First, the use of behaviour trees to model real-time interactive processes of the presentation is addressed. A system based on the behaviour tree architecture is used in a semi-automated Wizard-of-oz experiment, showing that audience members prefer an adaptive system to a non-adaptive alternative.
Next, the thesis addresses the use of knowledge graphs to represent the content of the presentation given by the robot. By building a small, local knowledge graph containing properties (edges) that represent facts about the presentation, the system can iterate over that graph and consistently find ways to refer to entities by referring to previously grounded content. A system based on this architecture is implemented, and an evaluation using simulated users is presented. The results show that crowdworkers comparing different adaptation strategies are sensitive to the types of adaptation enabled by the knowledge graph approach.
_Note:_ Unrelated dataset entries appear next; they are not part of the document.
(* Consider DODA in the setting of the context. Assume the maximum delay is bounded by $\tau$, that the feedback associated with time step $t$ is the whole vector field $V_t=\nabla f_t$ (which can be evaluated at any point immediately, without delay), and that each $V_t$ is $L$-Lipschitz continuous. Take guesses $\tilde g_{t+1/2}=\tilde V_t(x_t)$, where $\tilde V_t=V_s$ for some $s\in\mathcal S_t$, and learning rates satisfying $\eta_{t+1}\le\eta_t$, $(2\tau+1)\eta_t\le\gamma_t$ and $2\gamma_t^2L^2\le1$ for all $t$. Then for every $p\in\mathcal V$ the regret evaluated at $x_{3/2},\dots,x_{T+1/2}$ satisfies \[R_T(p)\le\frac{\|p-x_1\|^2}{2\eta_T}+\sum_{t=1}^T\gamma_t\|V_t(x_t)-\tilde V_t(x_t)\|^2.\]
   Context: Unconstrained Euclidean setting: $\mathcal V$ finite-dimensional Euclidean space; losses $f_t:\mathcal V\to\mathbb R$ convex and differentiable. At each round $t=1,\dots,T$ one agent is active. $\mathcal S_t\subset\{1,\dots,t-1\}$ is the set of timestamps $s$ whose feedback is available to the active agent at time $t$ (nondecreasing in time for each agent). DODA: given $x_1\in\mathcal V$, $x_t=x_1-\eta_t\sum_{s\in\mathcal S_t}g_{s+1/2}$ and $x_{t+1/2}=x_t-\gamma_t\tilde g_{t+1/2}$; the agent plays $x_{t+1/2}$ and $g_{t+1/2}=V_t(x_{t+1/2})$. Regret: $R_T(p)=\sum_{t=1}^Tf_t(x_{t+1/2})-\sum_{t=1}^Tf_t(p)$. Maximum delay bounded by $\tau$: $\{1,\dots,t-\tau-1\}\subset\mathcal S_t$ for all $t$. *)

From HB Require Import structures.
From mathcomp Require Import all_boot all_order all_algebra.
From mathcomp Require Import all_classical all_reals all_analysis.
Set Implicit Arguments. Unset Strict Implicit. Unset Printing Implicit Defensive.
Import Order.TTheory GRing.Theory Num.Theory.
Import numFieldNormedType.Exports.
Local Open Scope ring_scope.
(* Let $\mathcal H_1,\dots,\mathcal H_7,\mathcal H_E$ be finite-dimensional complex Hilbert spaces and $|\psi\rangle\in\mathcal H_1\otimes\cdots\otimes\mathcal H_7\otimes\mathcal H_E$. For each $k\in[7]$ let $X_k,Z_k$ be Hermitian operators on $\mathcal H_k$ (extended by the identity to the whole space). Define $\tilde S_1=X_4X_5X_6X_7$, $\tilde S_2=X_2X_3X_6X_7$, $\tilde S_3=X_1X_3X_5X_7$, $\tilde S_4=X_1X_2X_5X_6$, $\tilde S_5=Z_4Z_5Z_6Z_7$, $\tilde S_6=Z_2Z_3Z_6Z_7$, $\tilde S_7=Z_1Z_3Z_5Z_7$, $\tilde S_8=Z_1Z_2Z_5Z_6$. Assume (i) $X_kZ_k+Z_kX_k=0$ for $k\in\{2,3,5,7\}$; (ii) $\tilde S_k|\psi\rangle=|\psi\rangle$ for all $k\in[8]$; (iii) $X_k^2=Z_k^2=I$ for $k\in\{1,4,6\}$. Then for every $k\in[7]$: $X_k^2|\psi\rangle=Z_k^2|\psi\rangle=|\psi\rangle$ and $(X_kZ_k+Z_kX_k)|\psi\rangle=0$.
   Context: Operators acting on different tensor factors commute. *)

From HB Require Import structures.
From mathcomp Require Import all_boot all_order all_algebra.
From mathcomp Require Export mxtens.
Set Implicit Arguments. Unset Strict Implicit. Unset Printing Implicit Defensive.
Import Order.TTheory GRing.Theory Num.Theory.
Local Open Scope ring_scope.
(* Let $v>0$ entrywise in $\mathbb{R}^{n\times m}$, $B\in\mathbb{R}^n_{>0}$, and let $\mathcal{B}$, $p(b)$, $\varphi$ be as in the QL-Shmyrev program with optimal value $\varphi^*$ and $p^*=p(b^* )$ for an optimal $(b^*,\delta^* )$. Let $b^0_{ij}=\delta^0_i=\frac{B_i}{m+1}$ for all $i,j$ and define mirror descent iterates $$(b^{t+1},\delta^{t+1})=\arg\min_{(b,\delta)\in\mathcal{B}}\ \langle\nabla\varphi(b^t),b-b^t\rangle+\sum_{i,j}b_{ij}\log\frac{b_{ij}}{b^t_{ij}}+\sum_i\delta_i\log\frac{\delta_i}{\delta^t_i}.$$ Then for all $t\ge1$, $D(p(b^t)\,\|\,p^* )\le\varphi(b^t)-\varphi^*\le\frac{\|B\|_1\log(m+1)}{t}$.
   Context: QL-Shmyrev program: $\mathcal{B}=\{(b,\delta)\in\mathbb{R}^{n\times m}\times\mathbb{R}^n: b\ge0,\delta\ge0,\sum_jb_{ij}+\delta_i=B_i\ \forall i\}$, $p_j(b)=\sum_ib_{ij}$, $\varphi(b)=-\sum_{i,j}(1+\log v_{ij})b_{ij}+\sum_jp_j(b)\log p_j(b)$, minimized over $\mathcal{B}$; $\nabla\varphi(b)$ has entries $\log(p_j(b)/v_{ij})$. Generalized KL divergence for $p,q\in\mathbb{R}^d_+$: $D(p\|q)=\sum_ip_i\log\frac{p_i}{q_i}-\sum_ip_i+\sum_iq_i$, with $0\log0=0$. *)

From HB Require Import structures.
From mathcomp Require Import all_boot all_order all_algebra.
From mathcomp Require Import all_classical all_reals all_analysis.
Set Implicit Arguments. Unset Strict Implicit. Unset Printing Implicit Defensive.
Import Order.TTheory GRing.Theory Num.Theory.
Local Open Scope ring_scope.

Section QLShmyrev.
Variable R : realType.

Definition xlogx (x : R) : R := if x == 0 then 0 else x * ln x.

Definition xlogxy (x y : R) : R := if x == 0 then 0 else x * ln (x / y).

Definition price (n m : nat) (b : 'M[R]_(n, m)) (j : 'I_m) : R :=
  \sum_(i < n) b i j.

Definition inB (n m : nat) (B : 'I_n -> R) (b : 'M[R]_(n, m)) (d : 'I_n -> R)
  : Prop :=
  [/\ forall i j, 0 <= b i j,
      forall i, 0 <= d i
    & forall i, \sum_(j < m) b i j + d i = B i].

Definition phi (n m : nat) (v : 'M[R]_(n, m)) (b : 'M[R]_(n, m)) : R :=
  - (\sum_(i < n) \sum_(j < m) (1 + ln (v i j)) * b i j)
  + \sum_(j < m) xlogx (price b j).

Definition grad_phi (n m : nat) (v b : 'M[R]_(n, m)) : 'M[R]_(n, m) :=
  \matrix_(i < n, j < m) ln (price b j / v i j).

Definition KLdiv (k : nat) (p q : 'I_k -> R) : R :=
  \sum_(i < k) xlogxy (p i) (q i) - \sum_(i < k) p i + \sum_(i < k) q i.

Definition md_obj (n m : nat) (v : 'M[R]_(n, m)) (bt : 'M[R]_(n, m))
  (dt : 'I_n -> R) (b : 'M[R]_(n, m)) (d : 'I_n -> R) : R :=
  \sum_(i < n) \sum_(j < m) grad_phi v bt i j * (b i j - bt i j)
  + \sum_(i < n) \sum_(j < m) xlogxy (b i j) (bt i j)
  + \sum_(i < n) xlogxy (d i) (dt i).

End QLShmyrev.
In a face-to-face presentation setting, feedback from the audience can potentially be expressed through various modalities, including speech, head movements, gaze, facial gestures and body pose. The thesis explores how such feedback can be automatically classified. A corpus of human-robot interactions is annotated, and models are trained to classify human feedback as positive, negative or neutral. A relatively high accuracy is achieved by training simple classifiers with signals found mainly in the speech and head movements.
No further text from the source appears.